◆ WHAT THIS TASK INVOLVES:
Restate word for word each line of the data, starting at the one containing "is_boolean_isomorphism (bdomain p)" and running through the last.

○ ○ ○ ○

(* Boolean isomorphisms between Boolean domains preserve distances: if
   x, y did not agree on all of ~d(Gx,Gy), the mixture z of x (on that
   region) and y (elsewhere) would be a point of the domain with G z = G y
   but z <> y. *)
Lemma biso_bdist G x y :
  is_boolean_isomorphism (bdomain p) (bdomain q) G -> bdomain p x -> bdomain p y ->
  bdist (G x) (G y) = bdist x y.
Proof.
move=> [hG [Ginj _]] Wx Wy; apply: le_anti; rewrite (btrans_bdist_le hG) //=.
rewrite -leC; set r := ~` bdist (G x) (G y); apply/vagreeP.
set z := vbselect r x y.
have hzx : vagree r z x by apply/vagree_bselect_l/agree_topP.
have Wz : bdomain p z by apply: bdomain_bselect.
have hGz : G z = G y.
  apply: (vagree_cases (e := r)).
    by apply: vagree_trans (btrans_agree hG Wz Wx hzx) _; apply/vagreeP.
  by apply: (btrans_agree hG) => //; apply/vagree_bselect_r/agree_botP.
by move: hzx; rewrite (Ginj _ _ Wz Wy hGz) => /vagree_sym.
Qed.

End Transformations.

Section Composition.
Variables (n m l : nat).

Fixpoint bsubst (s : 'I_m -> bterm B n) (t : bterm B m) : bterm B n :=
  match t with
  | BVar i => s i
  | BConst b => BConst n b
  | BJoin t1 t2 => BJoin (bsubst s t1) (bsubst s t2)
  | BMeet t1 t2 => BMeet (bsubst s t1) (bsubst s t2)
  | BCompl t1 => BCompl (bsubst s t1)
  end.

Lemma beval_bsubst s t x : beval (bsubst s t) x = beval t [ffun i => beval (s i) x].
Proof. by elim: t => [i|b|t1 IH1 t2 IH2|t1 IH1 t2 IH2|t1 IH1] /=; rewrite ?ffunE ?IH1 ?IH2. Qed.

○ ○ ○ ○

◆ FINISHED TASK:
  is_boolean_isomorphism (bdomain p) (bdomain q) G -> bdomain p x -> bdomain p y ->
  bdist (G x) (G y) = bdist x y.
Proof.
move=> [hG [Ginj _]] Wx Wy; apply: le_anti; rewrite (btrans_bdist_le hG) //=.
rewrite -leC; set r := ~` bdist (G x) (G y); apply/vagreeP.
set z := vbselect r x y.
have hzx : vagree r z x by apply/vagree_bselect_l/agree_topP.
have Wz : bdomain p z by apply: bdomain_bselect.
have hGz : G z = G y.
  apply: (vagree_cases (e := r)).
    by apply: vagree_trans (btrans_agree hG Wz Wx hzx) _; apply/vagreeP.
  by apply: (btrans_agree hG) => //; apply/vagree_bselect_r/agree_botP.
by move: hzx; rewrite (Ginj _ _ Wz Wy hGz) => /vagree_sym.
Qed.

End Transformations.

Section Composition.
Variables (n m l : nat).

Fixpoint bsubst (s : 'I_m -> bterm B n) (t : bterm B m) : bterm B n :=
  match t with
  | BVar i => s i
  | BConst b => BConst n b
  | BJoin t1 t2 => BJoin (bsubst s t1) (bsubst s t2)
  | BMeet t1 t2 => BMeet (bsubst s t1) (bsubst s t2)
  | BCompl t1 => BCompl (bsubst s t1)
  end.

Lemma beval_bsubst s t x : beval (bsubst s t) x = beval t [ffun i => beval (s i) x].
Proof. by elim: t => [i|b|t1 IH1 t2 IH2|t1 IH1 t2 IH2|t1 IH1] /=; rewrite ?ffunE ?IH1 ?IH2. Qed.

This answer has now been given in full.